[Zope-CVS] CVS: Packages/pypes/doc - query-engine.txt:1.2
Casey Duncan
casey at zope.com
Mon Jun 7 00:14:26 EDT 2004
Update of /cvs-repository/Packages/pypes/doc
In directory cvs.zope.org:/tmp/cvs-serv29747/doc
Modified Files:
query-engine.txt
Log Message:
Bring the prose more in phase with reality and gain some self-confidence
=== Packages/pypes/doc/query-engine.txt 1.1 => 1.2 ===
--- Packages/pypes/doc/query-engine.txt:1.1 Wed Apr 14 01:25:58 2004
+++ Packages/pypes/doc/query-engine.txt Mon Jun 7 00:14:24 2004
@@ -10,10 +10,6 @@
"jumping off point" for future enhancement, assuming a continued and hopefully
growing interest in its ongoing development.

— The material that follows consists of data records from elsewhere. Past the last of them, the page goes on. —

Lemma negligible_run P p u : negligible s (fun n => nwords P n p) ->
  negligible s (fun n => nwords P n (run p u)).
Proof.
move=> negl D D_gt0; set k := size u.
have le_shift n : nwords P n (run p u) <= nwords P (k + n) p.
  have reach_u : 0 < nwords (pred1 (run p u)) k p.
    by apply/nwords_gt0; exists u; rewrite /= ?eqxx.
  rewrite nwordsD (bigD1 (run p u)) //=; apply: leq_trans (leq_addr _ _).
  by rewrite -{1}[nwords P n _]mul1n leq_mul2r reach_u orbT.
have [N HN] := negl (D * s ^ k) (ltac:(by rewrite muln_gt0 D_gt0 expn_gt0 A_gt0)).
exists N => n le_n; have := HN (k + n) (leq_trans le_n (leq_addl _ _)).
rewrite expnD => lt_kn; rewrite -(@ltn_pmul2l (s ^ k)) ?expn_gt0 ?A_gt0 //.
apply: leq_ltn_trans lt_kn.
by rewrite mulnCA mulnA leq_mul2l le_shift orbT.
Qed.

Lemma window_gt0 P K r u : size u <= K -> ~~ P (run r u) ->
  0 < \sum_(j < K.+1) nwords (predC P) j r * s ^ (K - j).
Proof.
move=> le_u rej_u; rewrite (bigD1 (Ordinal (le_u : size u < K.+1))) //=.
rewrite (leq_trans _ (leq_addr _ _)) // muln_gt0 expn_gt0 A_gt0 andbT.
by apply/nwords_gt0; exists u.
Qed.

(* Every word of length [n] from [p] has an extension of some length [j <= K]
   leaving [P]; with weight [s ^ (K - j)], the words of length [n + j] ending
   outside [P] account for each such prefix at least once. *)
Lemma window_lower P K n p :
  (forall r, reachable p r -> exists u, size u <= K /\ ~~ P (run r u)) ->
  s ^ n <= \sum_(j < K.+1) nwords (predC P) (n + j) p * s ^ (K - j).
Proof.
move=> rejects; rewrite -(nwordsT n p) -nwords_sum_pred1.
under [X in _ <= X]eq_bigr => j _ do rewrite nwordsD big_distrl /=.
rewrite exchange_big /=; apply: leq_sum => q _.
under [X in _ <= X]eq_bigr => j _ do rewrite -mulnA.
rewrite -big_distrr /= muln1.
have [-> //|reach_q] := posnP (nwords (pred1 q) n p).
have [u [le_u rej_u]] : exists u, size u <= K /\ ~~ P (run q u).
  by apply: rejects; have /nwords_gt0[v _ /eqP <-] := reach_q; exists v.
by rewrite -{1}[nwords _ n p]muln1 leq_mul2l (window_gt0 le_u rej_u) orbT.
Qed.
(* One step of elimination over O_K: choose in column k, among the rows
   >= k, an entry of minimal valuation, move it to row k and clear below. *)
Lemma pivot_step m n (A : 'M[K]_(m, n)) (k : 'I_n) :
  zero_below A k -> exists2 E, GL_OK v E & zero_below (E *m A) k.+1.
Proof.
move=> A_below.
pose P := [pred i : 'I_m | (k <= i)%N && (A i k != 0)].
have [p0 Pp0|noP] := pickP P; last first.
  exists 1%:M; first exact: GL_OK1.
  move=> i j; rewrite mul1mx ltnS leq_eqVlt => /orP[/eqP jk ki|]; last exact: A_below.
  have -> : j = k by apply: val_inj.
  by apply/eqP; have := noP i; rewrite /= -jk ltnW //= => /negbFE.
have [p /andP[kp Apk_neq0] p_min] := arg_minP (fun i => v (A i k)) Pp0.
have km : (k < m)%N by apply: leq_trans (ltn_ord p).
pose r : 'I_m := Ordinal km; pose s := tperm r p.
have s_ge (i : 'I_m) : (k <= i)%N -> (k <= s i)%N.
  by rewrite /s; case: tpermP => [_|_|//] _; [exact: kp | exact: leqnn].
have s_gt (i : 'I_m) (j : 'I_n) : (j < k)%N -> (j < i)%N -> (j < s i)%N.
  by rewrite /s; case: tpermP => [_|_|//] jk _; [exact: leq_trans jk kp | exact: jk].
pose A' := perm_mx s *m A.
have A'E i j : A' i j = A (s i) j by rewrite /A' -row_permE mxE.
have [E E_GL EA'_below] : exists2 E, GL_OK v E & zero_below (E *m A') k.+1.
  apply: (@clear_column _ _ A' r k erefl).
  - by move=> i j jk ji; rewrite A'E A_below ?s_gt.
  - by rewrite A'E tpermL.
  move=> i ki; rewrite !A'E tpermL; apply: OK_div => // Asik_neq0.
  by apply: p_min; rewrite /P /= Asik_neq0 andbT s_ge // ltnW.
exists (E *m perm_mx s); first by apply: GL_OK_mul => //; apply: GL_OK_perm.
by rewrite -mulmxA.
Qed.
(* Let $n\ge 2$ be even. Consider the generalized $n$-gene repressilator system $$\dot r_i = a_i(p_{i-1}) - d_{r_i}(r_i),\qquad \dot p_i = k_i(r_i) - d_{p_i}(p_i),\qquad i=1,\dots,n,$$ (indices mod $n$), with functions satisfying the standing assumptions in the context. Assume: (i) $\lim_{x\to\infty} a_i(x)=0$ for all $i$; (ii) for all $i$, $\delta_i^R > a_i(0)$ and $\delta_i^P > k_i(d_{r_i}^{-1}(a_i(0)))$, where $\delta_i^R:=\lim_{x\to\infty} d_{r_i}(x)$ and $\delta_i^P:=\lim_{x\to\infty} d_{p_i}(x)$ (possibly $+\infty$); (iii) $d_{p_i}'(0)\neq 0$ and $d_{r_i}'(0)\neq 0$ for all $i$. Then the central steady state $E_C$ exists and is a steady state of the system: that is, for each $i$ the fixed-point equation $p_i = f_i\circ f_{i-1}\circ\cdots\circ f_1\circ f_n\circ\cdots\circ f_{i+1}(p_i)$ has a positive solution, and there are such solutions $p_1^*,\dots,p_n^*>0$ for which $$E_C=\big(d_{r_1}^{-1}(a_1(p_n^* )),\,d_{r_2}^{-1}(a_2(p_1^* )),\dots,d_{r_n}^{-1}(a_n(p_{n-1}^* )),\,p_1^*,\dots,p_n^*\big)$$ is a steady state.
   Context: Standing assumptions: each $a_i:[0,\infty)\to\mathbb{R}$ is $C^1$, nonnegative, strictly decreasing, with $a_i(0)>0$. Each $d_{r_i}, d_{p_i}, k_i:[0,\infty)\to\mathbb{R}$ is $C^1$, vanishes at $0$, and is strictly increasing on $(0,\infty)$. Define $f_i := d_{p_i}^{-1}\circ k_i\circ d_{r_i}^{-1}\circ a_i$ (well defined under assumption (ii)). *)

From HB Require Import structures.
From mathcomp Require Import all_boot all_order all_algebra.
From mathcomp Require Import all_classical all_reals all_analysis.
Set Implicit Arguments. Unset Strict Implicit. Unset Printing Implicit Defensive.
Import Order.TTheory GRing.Theory Num.Theory.
Import numFieldNormedType.Exports.
Local Open Scope classical_set_scope.
Local Open Scope ring_scope.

-It is possible and probably likely that if you have made it this far, that
-you know more about query engines than I do. Look at this document as a
-plea for help as much as a description of the operation of the system ;^)
-
Query Constituents
------------------
@@ -30,8 +26,9 @@
Supported Features
------------------
-- Inputs that are arbitrary iterables. Pypes extents and query result inputs
- are handled most efficiently.
+- Inputs are objects supporting the ISet interface (they do not need to
+ assert this interface, so builtin Python sets will work) or pypes
+ query result objects.
- Criteria consisting of a Python expression of arbitrary complexity.
@@ -73,7 +70,9 @@
- Constituent definition (i.e., inputs, criteria, order)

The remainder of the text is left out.